Concept albums are coming into vogue for new musical theatre works. A concept album — essentially a full cast recording of your show — is a great marketing tool. It proves that you have something complete and ready. But it’s much more than that. It’s also a tool to continue the development of your musical, with many rewards along the way.
Here’s how I created a concept album for the newly released soundtrack of Bound! The Musical – all without leaving my basement!
A Clear Vision and Plan for a Concept Album
It began with a clear vision for the project. I wanted a cast of strong singers who would perform all 16 songs in the show, reflecting a live stage performance.
Then, the detailed preparation began. I had to make sure that I could provide each performer with the materials they would need to learn and record their parts. I prepared individual lead sheets, as well as three customized recordings for each track for each performer, i.e., a full demo of the song, a version with their part only, and an empty backing track.
Now I was ready to find my cast. At the time, the pandemic was in full swing, and so recording remotely was the only option. I posted a casting call on local audition sites (I wanted to make local contacts for a future stage production) but also on backstage.com. Literally within minutes, responses started coming in.
There were over 200 applications for the 10 roles in the show, and I had to give each one due consideration. The first step was to listen to existing demos and video reels they had. I shortlisted those to about 50 performers, who I asked to record segments of songs from my show, providing them the materials that I had already prepared. This way I could hear them in the role, and they would prove that they can learn the material and provide high-quality recordings. I held Zoom meetings with the strongest candidates, so I could assess their overall fit for the role, and they could ask me questions.
Through the casting process, one person impressed me so much in terms of how well she understood the show, that I brought her on as “theatrical director” for the project. That was a huge bonus, as she was amazing in a role that I didn’t even plan for! The lesson here is to remain flexible through the process.
With the soundtrack now cast, we started weekly rehearsals over Zoom. Each rehearsal was dedicated to one song in the show. We did a read-through of the surrounding scene, so that the performers understood their characters’ motivations, and we rehearsed the song with a focus on character intent.
After each rehearsal, the performers worked independently on their own recordings. They would listen to the empty backing track with headphones, while recording their vocal in isolation, completely “dry” so that I could add EQ and reverb later. They uploaded their recordings to Dropbox, and I would listen and provided detailed feedback to them by e-mail and Zoom. The performers provided multiple takes, back-and-forth, until we were both happy with the performance.

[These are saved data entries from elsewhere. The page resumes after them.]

Hypothesis XYkap : is_cond_distr P X Y kap.

Lemma is_cond_distr_joint E : measurable E ->
  P (pair_rv @^-1` E) = \int[P]_(om in setT) kap (X om) (xsection E (X om)).
Proof.
move=> mE; apply: (measure_unique [set A `*` B | A in measurable & B in measurable]
  (fun _ => setT) _ _ _ _ (distribution P pair_rv) kernel_joint) => //.
- exact: measurable_prod_measurableType.
- move=> _ _ [A mA [B mB <-]] [C mC [D mD <-]]; rewrite -setXI.
  by exists (A `&` C); [exact: measurableI | exists (B `&` D) => //; exact: measurableI].
- by move=> _; exists setT => //; exists setT => //; rewrite setXTT.
- by rewrite bigcup_const.
- move=> _ [A mA [B mB <-]].
  rewrite -[LHS]/(P (X @^-1` A `&` Y @^-1` B)) /kernel_joint.
  rewrite XYkap // integral_mkcond; apply: eq_integral => om _.
  rewrite /patch; case: ifPn => XAom; last by rewrite notin_xsectionX ?measure0.
  by rewrite in_xsectionX // inE; rewrite inE in XAom.
- by move=> _ /=; rewrite probability_setT ltry.
Qed.

End conditional_distribution.
Arguments is_cond_distr_joint {R d Omega P d1 d2 T1 T2 X Y kap}.

Section vec_measurability.
Context (R : realType) d (T : measurableType d).

Lemma measurable_vec_coord {n} (i : 'I_n) : measurable_fun setT (vec_coord R n i).
Proof.
move=> _ Y mY; rewrite setTI; apply: sub_sigma_algebra.
rewrite -bigcup_seq; exists i; first by rewrite /= mem_index_enum.
by exists Y => //; rewrite setTI.
Qed.

Lemma measurable_fun_vec n (f : T -> vec R n) :
  (forall i, measurable_fun setT (vec_coord R n i \o f)) -> measurable_fun setT f.
Proof.
move=> mf _ A mA; move: A mA; apply: smallest_sub.
  exact: (sigma_algebra_image f (@sigma_algebra_measurable _ T)).
case: n => [|n] in f mf *; first by rewrite big_ord0.
rewrite -bigcup_mkord_ord; apply: bigcup_sub => i _ B [C mC <-].
by rewrite [in f @^-1` _]setTI -comp_preimage; exact: mf.
Qed.

Lemma measurable_mulmx_add m n (M : 'M[R]_(m, n)) (f : T -> vec R n) (g : T -> vec R m) :
  measurable_fun setT f -> measurable_fun setT g ->
  measurable_fun setT (fun t => M *m f t + g t : vec R m).
Proof.
move=> mf mg; apply: measurable_fun_vec => i.
rewrite (_ : _ \o _ = fun t => \sum_j M i j * vec_coord R n j (f t) + vec_coord R m i (g t)).
  apply: measurable_funD; last exact: measurableT_comp (measurable_vec_coord i) mg.
  apply: measurable_sum => j; apply: measurable_funM; first exact: measurable_cst.
  exact: measurableT_comp (measurable_vec_coord j) mf.
by apply: funext => t; rewrite /vec_coord /= !mxE.
Qed.

Lemma measurable_nth_tuple m n (W : T -> n.-tuple (vec R m)) j :
  measurable_fun setT W -> measurable_fun setT (fun t => nth 0 (W t) j : vec R m).
Proof.
move=> mW; have [ltjn|lenj] := ltnP j n.
  rewrite (_ : (fun t => _) = (fun t => tnth (W t) (Ordinal ltjn))).
    exact: measurableT_comp (measurable_tnth _) mW.
  by apply: funext => t; rewrite (tnth_nth 0).
rewrite (_ : (fun t => _) = cst 0); first exact: measurable_cst.
by apply: funext => t; rewrite nth_default // size_tuple.
Qed.

Lemma measurable_pred_err nx nu (A : 'M[R]_nx) (B : 'M[R]_(nx, nu)) (K : 'M[R]_(nu, nx))
    (e0 : T -> vec R nx) n (W : T -> n.-tuple (vec R nx)) i :
  measurable_fun setT e0 -> measurable_fun setT W ->
  measurable_fun setT (fun t => pred_err A B K (e0 t) (W t) i : vec R nx).
Proof.
move=> me0 mW; elim: i => [|i IHi] //=.
by apply: measurable_mulmx_add => //; exact: measurable_nth_tuple.
Qed.

End vec_measurability.

Section error_dynamics.
Context {R : realType} {nx nu : nat} (A : 'M[R]_nx) (B : 'M[R]_(nx, nu))
  (K : 'M[R]_(nu, nx)).

Lemma pred_err_trajectory (e u : nat -> 'cV[R]_nx) k (Wk : seq 'cV[R]_nx) i :
  (forall j, e j.+1 = (A + B *m K) *m e j + u j) ->
  (forall j, (j < i)%N -> nth 0 Wk j = u (k + j)%N) ->
  e (k + i)%N = pred_err A B K (e k) Wk i.
Proof.
move=> e_succ Wk_u; elim: i => [|i IHi] in Wk_u *; first by rewrite addn0.
by rewrite addnS e_succ /= IHi ?Wk_u // => j ltji; apply/Wk_u/ltnW.
Qed.

Section closed_loop_error.
Context {Omega : Type} (x0 : 'cV[R]_nx) (w : nat -> Omega -> vec R nx)
  (vstar : nat -> Omega -> nat -> 'cV[R]_nu).

Definition closed_loop_err j om : 'cV[R]_nx :=
  (closed_loop A B K x0 w vstar j om).1 - (closed_loop A B K x0 w vstar j om).2.

Lemma closed_loop_err0 om : closed_loop_err 0 om = 0.
Proof. exact: subrr. Qed.

Lemma closed_loop_errS j om :
  closed_loop_err j.+1 om = (A + B *m K) *m closed_loop_err j om + w j om.
Proof.
rewrite /closed_loop_err /=.
set x := (closed_loop _ _ _ _ _ _ j om).1; set z := (closed_loop _ _ _ _ _ _ j om).2.
rewrite mulmxDl [A *m (x - z)]mulmxBr mulmxDr -mulmxA opprD !addrA.
rewrite addrAC [X in X - _]addrAC addrK.
by rewrite [in RHS](addrAC (A *m x)) [RHS](addrAC _ (- (A *m z))).
Qed.

Lemma closed_loop_err_past k om :
  closed_loop_err k om = pred_err A B K 0 (past w k om) k.
Proof.
rewrite -(closed_loop_err0 om) -[k in LHS]add0n.
apply: (pred_err_trajectory (closed_loop_err^~ om) (w^~ om) 0 (past w k om) k).
  by move=> j; rewrite closed_loop_errS.
move=> j ltjk.
by rewrite -[j]/(val (Ordinal ltjk)) nth_mktuple.
Qed.

Lemma closed_loop_err_future N k i om : (i <= N.+1)%N ->
  closed_loop_err (k + i) om =
  pred_err A B K (closed_loop_err k om) (future w N k om) i.
Proof.
move=> leiN.
apply: (pred_err_trajectory (closed_loop_err^~ om) (w^~ om) k (future w N k om) i).
  by move=> j; rewrite closed_loop_errS.
move=> j ltji.
have ltjN : (j < N.+1)%N by apply: leq_trans leiN.
by rewrite -[j]/(val (Ordinal ltjN)) nth_mktuple.
Qed.

End closed_loop_error.
End error_dynamics.

Section disturbance_windows.
Context {R : realType} {d} {Omega : measurableType d} {nx : nat}
  (w : nat -> Omega -> vec R nx).

Lemma measurable_past k :
  (forall j, (j < k)%N -> measurable_fun setT (w j)) ->
  measurable_fun setT (past w k).
Proof.
move=> mw; apply/measurable_fun_tnthP => j.
rewrite (_ : _ \o _ = w j); first exact/mw/ltn_ord.
by apply: funext => om; rewrite /= tnth_mktuple.
Qed.

Lemma measurable_future N k :
  (forall j, (j <= N)%N -> measurable_fun setT (w (k + j)%N)) ->
  measurable_fun setT (future w N k).
Proof.
move=> mw; apply/measurable_fun_tnthP => j.
rewrite (_ : _ \o _ = w (k + j)%N); first by apply: mw; rewrite -ltnS.
by apply: funext => om; rewrite /= tnth_mktuple.
Qed.

End disturbance_windows.

Theorem lemma1 (R : realType) (nx nu Nbar N : nat)
  (A : 'M[R]_nx) (B : 'M[R]_(nx, nu)) (K : 'M[R]_(nu, nx))
  (X : set 'cV[R]_nx) (U : set 'cV[R]_nu)
  (Rx : nat -> set 'cV[R]_nx) (Ru : nat -> set 'cV[R]_nu) (Zf : set 'cV[R]_nx)
  (l : nat -> 'cV[R]_nx -> 'cV[R]_nu -> R) (lf : 'cV[R]_nx -> R)
  (d : measure_display) (Omega : measurableType d) (P : probability Omega R)
  (w : nat -> Omega -> vec R nx)
  (kap : forall k : nat, R.-pker (k.-tuple (vec R nx)) ~> (N.+1.-tuple (vec R nx)))
  (x0 : 'cV[R]_nx) (vstar : nat -> Omega -> nat -> 'cV[R]_nu) :
  (0 < N)%N ->
  convex_vset X -> convex_vset U ->
  (forall j, (j <= Nbar)%N -> measurable_fun setT (w j)) ->
  (* W_k has the conditional law kap k given (w(0),...,w(k-1)) *)
  (forall k, (k + N <= Nbar)%N ->
     is_cond_distr P (past w k) (future w N k) (kap k)) ->
  (* closed loop: v*(k) is optimal for the feasible problem (P_k) *)
  (forall k, (k + N <= Nbar)%N -> forall om,
     let xz := closed_loop A B K x0 w vstar k om in
     mpc_optimal A B K N k X U Rx Ru Zf l lf (kap k (past w k om))
       xz.1 xz.2 (vstar k om)) ->
  forall k i, (k + N <= Nbar)%N -> (i <= N)%N ->
  forall S : set (vec R nx), measurable S ->
    let e := fun j om => (closed_loop A B K x0 w vstar j om).1
                        - (closed_loop A B K x0 w vstar j om).2 in
    P [set om | S (e (k + i)%N om)] =
    (\int[P]_(om in setT)
       kap k (past w k om)
         [set Wk : N.+1.-tuple (vec R nx) | S (pred_err A B K (e k om) Wk i)])%E.
Proof.
move=> _ _ _ mw cond_future _ k i leNbar leiN S mS e.
have mpast : measurable_fun setT (past w k).
  apply: measurable_past => j ltjk; apply: mw; apply: leq_trans leNbar.
  exact: leq_trans (ltnW ltjk) (leq_addr N k).
have mfuture : measurable_fun setT (future w N k).
  apply: measurable_future => j lejN; apply: mw; apply: leq_trans leNbar.
  by rewrite leq_add2l.
pose E := [set pw : k.-tuple (vec R nx) * N.+1.-tuple (vec R nx) |
  S (pred_err A B K (pred_err A B K 0 pw.1 k) pw.2 i)].
have mE : measurable E.
  have mpred : measurable_fun setT
      (fun pw : k.-tuple (vec R nx) * N.+1.-tuple (vec R nx) =>
         pred_err A B K (pred_err A B K 0 pw.1 k) pw.2 i : vec R nx).
    apply: measurable_pred_err; last exact: measurable_snd.
    by apply: measurable_pred_err; [exact: measurable_cst | exact: measurable_fst].
  by rewrite -[E]setTI; exact: mpred.
have eE j om : e j om = closed_loop_err A B K x0 w vstar j om by [].
have -> : [set om | S (e (k + i)%N om)] = pair_rv (past w k) (future w N k) @^-1` E.
  apply/funext => om /=; rewrite eE (closed_loop_err_future A B K x0 w vstar N).
    by rewrite closed_loop_err_past.
  exact: leqW.
rewrite (is_cond_distr_joint mpast mfuture (cond_future k leNbar) _ mE).
apply: eq_integral => om _; congr (kap k _ _); apply/funext => Wk.
by rewrite /xsection /E /= inE eE closed_loop_err_past.
Qed.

It took a number of months for us to progress this way, sequentially through the show. The rehearsals had the added benefit of workshopping the entire show, with the performers helping in character development. My co-writer and I took notes along the way. We ended the project with a full Zoom workshop of the entire show, which we recorded, in order to help with future re-writes. Another reward!
Putting it all together: Mixing the Concept Album
As the writer of the show and producer of the soundtrack, I knew the sound I was looking for. While I’m not a sound engineer, I learned the basics, and found mixing software that was easy to learn and use. (In my case, I used Reaper, which has excellent tutorials on YouTube.) I also used Band in a Box for the backing instrumentation – another phenomenal tool. Finally, I used eMastered to clean up every incoming recording, and master the final mixes. More learning, more rewards!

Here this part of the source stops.